Она резко повернулась ко мне. Глаза ее горели ненавистью. А сама была белой как бумага. Все краски жизни покинули ее в это страшное мгновенье. И она ударила меня. И что-то крикнула.
Я стоял ошеломленный посреди двора. Я не слышал ее слов, не чувствовал, как горит щека от удара. Я окаменел. Умер. Но сквозь свою смерть я продолжал чувствовать биение ее сердца, ее тепло, ни с чем не сравнимую нежность.
Не знаю, как я выглядел со стороны. Наверное, мерзко.
А она не уходила, она, казалось, с большим интересом смотрела на мое унижение. И в ее глазах, кроме презрения, я прочел нечто иное... Прощение? Жалость? Снисхождение?
И вдруг она подошла ко мне и тихо сказала: "Прости".
И пошла прочь.
И тут передо мной возник Завбань.
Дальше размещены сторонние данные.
(* Let $R$ be an associative ring with identity, let $a,b,c\in R$ with both $b$ and $c$ regular, and put $t=cab$. Then the following are equivalent: (i) $a$ has a $(b,c)$-inverse; (ii) $r(a)\cap bR=\{0\}$ and $R=abR\oplus r(c)$; (iii) $r(t)=r(b)$ and $tR=cR$; (iv) $l(t)=l(c)$ and $Rt=Rb$.
   Context: For $a,b,c\in R$, $a$ is $(b,c)$-invertible if there exists $y\in R$ with $y\in (bRy)\cap(yRc)$, $yab=b$ and $cay=c$; such $y$ is unique and called the $(b,c)$-inverse of $a$, denoted $a^{\|(b,c)}$. An element is regular if $x=xzx$ for some $z\in R$. For $x\in R$: $l(x)=\{z\in R:zx=0\}$, $r(x)=\{z\in R:xz=0\}$, $xR=\{xz:z\in R\}$, $Rx=\{zx:z\in R\}$; $\oplus$ denotes an internal direct sum of additive subgroups. *)

From HB Require Import structures.
From mathcomp Require Import all_boot all_algebra.
Set Implicit Arguments. Unset Strict Implicit. Unset Printing Implicit Defensive.
Import GRing.Theory.
Local Open Scope ring_scope.

Definition lann {R : pzRingType} (x : R) : R -> Prop := fun z => z * x = 0.
Definition rann {R : pzRingType} (x : R) : R -> Prop := fun z => x * z = 0.
Definition rideal {R : pzRingType} (x : R) : R -> Prop := fun w => exists z, w = x * z.
Definition lideal {R : pzRingType} (x : R) : R -> Prop := fun w => exists z, w = z * x.

Definition set_eq {R : Type} (A B : R -> Prop) : Prop := forall z, A z <-> B z.

Definition meet_zero {R : pzRingType} (A B : R -> Prop) : Prop :=
  forall z, A z -> B z -> z = 0.

Definition full_direct_sum {R : pzRingType} (A B : R -> Prop) : Prop :=
  (forall x : R, exists s k, A s /\ B k /\ x = s + k) /\ meet_zero A B.

Definition regular {R : pzRingType} (x : R) : Prop := exists z, x = x * z * x.

Definition is_bc_inverse {R : pzRingType} (a b c y : R) : Prop :=
  (exists u, y = b * u * y) /\ (exists v, y = y * v * c) /\
  y * a * b = b /\ c * a * y = c.

Definition bc_invertible {R : pzRingType} (a b c : R) : Prop :=
  exists y, is_bc_inverse a b c y.

(* A (b,c)-inverse exists iff b ∈ Rt and c ∈ tR: given b = pt and
   c = tq, the element bq = pc is the inverse, and conversely y = yvc, yab = b
   give b = (yv)t while y = buy, cay = c give c = t(uy).  Each of (ii)-(iv)
   yields one of the two memberships directly, and also shows that t is
   regular (t ∈ cR is regular as soon as c ∈ tR and c is regular).  For a
   regular t = tzt, an annihilator inclusion r(t) ⊆ r(b) gives b = bzt, and
   l(t) ⊆ l(c) gives c = tzc, which supplies the other membership. *)
From mathcomp Require Import all_boot all_algebra.
Set Implicit Arguments. Unset Strict Implicit. Unset Printing Implicit Defensive.
Import GRing.Theory.
Local Open Scope ring_scope.

Section RegularFactor.
Variables (R : pzRingType) (x y z : R).
Hypothesis xzx : x = x * z * x.

Lemma regular_rann_factor : (forall w, x * w = 0 -> y * w = 0) -> y = y * z * x.
Proof.
move=> rann_sub; apply/eqP; rewrite -subr_eq0 -mulrA -{1}(mulr1 y) -mulrBr.
by apply/eqP/rann_sub; rewrite mulrBr mulr1 mulrA -xzx subrr.
Qed.

Lemma regular_lann_factor : (forall w, w * x = 0 -> w * y = 0) -> y = x * z * y.
Proof.
move=> lann_sub; apply/eqP; rewrite -subr_eq0 -{1}(mul1r y) -mulrBl.
by apply/eqP/lann_sub; rewrite mulrBl mul1r -xzx subrr.
Qed.

End RegularFactor.

Lemma regular_rideal_factor (R : pzRingType) (c c' t s q : R) :
  c = c * c' * c -> t = c * s -> c = t * q -> t = t * (q * c') * t.
Proof.
move=> cc'c tcs ctq.
by rewrite mulrA -ctq {2}tcs !mulrA -cc'c -tcs.
Qed.

Lemma regular_lideal_factor (R : pzRingType) (b b' t s p : R) :
  b = b * b' * b -> t = s * b -> b = p * t -> t = t * (b' * p) * t.
Proof.
move=> bb'b tsb bpt.
by rewrite -mulrA -(mulrA b') -bpt {2}tsb -!mulrA (mulrA b) -bb'b -tsb.
Qed.

Section BcInverse.
Variables (R : pzRingType) (a b c : R).
Local Notation t := (c * a * b).

Lemma bc_invertibleP :
  bc_invertible a b c <-> (exists p, b = p * t) /\ (exists q, c = t * q).
Proof.
split.
  move=> [y [[u yuy] [[v yvc] [yab cay]]]]; split.
    by exists (y * v); rewrite !mulrA -yvc yab.
  by exists (u * y); rewrite -{1}cay {1}yuy !mulrA.
move=> [[p bpt] [q ctq]].
have bq_pc : b * q = p * c by rewrite ctq mulrA -bpt.
have bqab : b * q * a * b = b by rewrite bq_pc {2}bpt !mulrA.
exists (b * q); split; [|split; [|split]].
- by exists (q * a); rewrite !mulrA bqab.
- by exists (a * p); rewrite !mulrA -(mulrA _ p c) -bq_pc !mulrA bqab.
- exact: bqab.
- by rewrite mulrA -ctq.
Qed.

Lemma bc_invertible_of_rann q :
  regular c -> c = t * q -> (forall w, t * w = 0 -> b * w = 0) ->
  bc_invertible a b c.
Proof.
move=> [c' cc'c] ctq rann_sub; apply/bc_invertibleP; split; last by exists q.
have tzt := regular_rideal_factor cc'c (esym (mulrA c a b)) ctq.
by exists (b * (q * c')); apply: regular_rann_factor tzt _.
Qed.

Lemma bc_invertible_of_lann p :
  regular b -> b = p * t -> (forall w, w * t = 0 -> w * c = 0) ->
  bc_invertible a b c.
Proof.
move=> [b' bb'b] bpt lann_sub; apply/bc_invertibleP; split; first by exists p.
have tzt := regular_lideal_factor bb'b (erefl t) bpt.
by exists (b' * p * c); rewrite !mulrA -(mulrA t); apply: regular_lann_factor tzt _.
Qed.

Lemma bc_invertible_iff_direct_sum :
  regular c ->
  bc_invertible a b c <->
  meet_zero (rann a) (rideal b) /\ full_direct_sum (rideal (a * b)) (rann c).
Proof.
move=> reg_c; have [c' cc'c] := reg_c; split.
  move=> /bc_invertibleP [[p bpt] [q ctq]].
  have tw0 w : t * w = 0 -> b * w = 0 by move=> tw; rewrite bpt -mulrA tw mulr0.
  split; last split.
  - move=> z az0 [w zbw]; rewrite zbw in az0 *.
    by apply: tw0; rewrite -!mulrA az0 mulr0.
  - move=> x; set s := a * b * (q * c' * c * x).
    exists s, (x - s); split; first by exists (q * c' * c * x).
    split; last by rewrite addrC subrK.
    by rewrite /rann mulrBr /s !mulrA -ctq -cc'c subrr.
  - move=> _ [w ->] cabw0.
    by rewrite -mulrA tw0 ?mulr0 // -cabw0 !mulrA.
move=> [rann_a_meet [decomp rann_c_meet]].
have [_ [k [[w ->] [ck0 one_split]]]] := decomp 1.
have ctw : c = t * w by rewrite -{1}(mulr1 c) one_split mulrDr ck0 addr0 !mulrA.
apply: (bc_invertible_of_rann reg_c ctw) => v tv0.
apply: rann_a_meet; last by exists v.
by rewrite /rann mulrA; apply: rann_c_meet; [exists v | rewrite /rann !mulrA].
Qed.

Lemma bc_invertible_iff_rann_rideal :
  regular c ->
  bc_invertible a b c <->
  set_eq (rann t) (rann b) /\ set_eq (rideal t) (rideal c).
Proof.
move=> reg_c; split.
  move=> /bc_invertibleP [[p bpt] [q ctq]]; split=> z; split.
  - by rewrite /rann => tz0; rewrite bpt -mulrA tz0 mulr0.
  - by rewrite /rann -mulrA => ->; rewrite mulr0.
  - by move=> [w ->]; exists (a * b * w); rewrite !mulrA.
  - by move=> [w ->]; exists (q * w); rewrite {1}ctq mulrA.
move=> [rann_eq rideal_eq].
have [q ctq] : rideal t c by apply/rideal_eq; exists 1; rewrite mulr1.
by apply: (bc_invertible_of_rann reg_c ctq) => w /rann_eq.
Qed.

Lemma bc_invertible_iff_lann_lideal :
  regular b ->
  bc_invertible a b c <->
  set_eq (lann t) (lann c) /\ set_eq (lideal t) (lideal b).
Proof.
move=> reg_b; split.
  move=> /bc_invertibleP [[p bpt] [q ctq]]; split=> z; split.
  - by rewrite /lann => zt0; rewrite ctq mulrA zt0 mul0r.
  - by rewrite /lann !mulrA => ->; rewrite !mul0r.
  - by move=> [w ->]; exists (w * (c * a)); rewrite !mulrA.
  - by move=> [w ->]; exists (w * p); rewrite {1}bpt mulrA.
move=> [lann_eq lideal_eq].
have [p bpt] : lideal t b by apply/lideal_eq; exists 1; rewrite mul1r.
by apply: (bc_invertible_of_lann reg_b bpt) => w /lann_eq.
Qed.

End BcInverse.

Theorem theorem3p6 (R : pzRingType) (a b c : R) :
  regular b -> regular c ->
  let t := c * a * b in
  [/\ (bc_invertible a b c <->
        (meet_zero (rann a) (rideal b) /\ full_direct_sum (rideal (a * b)) (rann c))),
      (bc_invertible a b c <->
        (set_eq (rann t) (rann b) /\ set_eq (rideal t) (rideal c))) &
      (bc_invertible a b c <->
        (set_eq (lann t) (lann c) /\ set_eq (lideal t) (lideal b)))].
Proof.
move=> reg_b reg_c t; split.
- exact: bc_invertible_iff_direct_sum.
- exact: bc_invertible_iff_rann_rideal.
- exact: bc_invertible_iff_lann_lideal.
Qed.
Он всегда возникал в самые трудные минуты жизни. Живот колыхался под свободной толстовкой, вороватые глазки смотрели с наглым любопытством.
- А ты, оказывается, бабник! - сказал Завбань и захихикал мелким горохом".
Ляля Пуля был дома. Кажется, он обедал, когда в окне бывшего каретного сарая возникла розовая физиономия Завбаня.
Некоторое время он просто стоял и бесцеремонно пялил глаза на Лялю Пулю. Но когда немой отвернулся, чтобы не видеть противной рожи, Завбань сказал:
- Подожди... Подожди, Ляля Пуля. Там у тополя ребята твою тетрадочку читают. Забавно ты пишешь.
Завбань улыбнулся, словно состроил гримасу, и тонким голоском пропел:
- А ты, оказывается, бабник, Ляля Пуля!
Немой не сразу понял, в чем дело, со звоном захлопнул окно перед носом Завбаня. И только тогда известие молнией вонзилось в его сознание. Ляля Пуля побелел и тихо застонал. Потом беспомощно заметался по дому. И вдруг, схватив со стола большой кухонный нож, бросился к двери.
А в это время у старого тополя под смешки и колкие словечки синяя тетрадь разбалтывала ребятам тайну любви Ляли Пули.
- "Я ждал ее целый день... Она не появлялась... - читал рыжий парень, скаля в улыбке зубы. - Я смотрел на подворотню, но оттуда выходили другие люди, а ее не было..." Ха-ха!.. "Я молчал, но, если бы даже и был говорящим, я бы все равно молчал..." Ха-ха!.. "Ей и в голову не приходит, что днем и ночью я думаю только о ней. А сказать ей этого не могу..." Ха-ха...
Вдруг смех оборвался. Рыжий запнулся. Ребята подняли глаза и увидели Лялю Пулю. Он стоял перед тополем белый, с большим ножом в руке. Его грудь тяжело поднималась и опускалась, а холодные, бесцветные глаза скользили по лицам оцепеневших ребят, словно выбирали жертву.
Державший тетрадь понял, что надо как можно скорее вернуть ее разъяренному Ляле Пуле. Он бросил тетрадь, и, взмахнув синим крылом, она опустилась к ногам своего хозяина. И в то же мгновенье, тесня друг друга, ребята пустились бежать, спасаясь от возмездия, трусливо озираясь.
Ляля Пуля не побежал за ними - остался стоять над своей исповедью, над своей оскверненной любовью. Синяя тетрадь предала его, разболтала тайну его любви. И как изображенный на обложке вещий Олег должен был умереть от коня своего, так Ляля Пуля погибал от своей исповеди.
И тут он сломался, упал на колени и с силой вонзил нож в синюю тетрадь. Он наносил удар за ударом, словно обыкновенная школьная тетрадка в косую линейку была единственной виновницей его несчастья. Он вонзал нож в слова, которые не мог произнести и доверил бумаге. Слова предали немого. Слова! Будь они прокляты!
Может быть, в тот момент Ляля Пуля думал, что он убивает свою несчастную любовь. По молодости лет он не знал, что любовь нельзя убить даже ножом.
Он был немым. Он не мог говорить. Он мог только действовать. И нож уходил в землю, как в грудь воображаемого врага.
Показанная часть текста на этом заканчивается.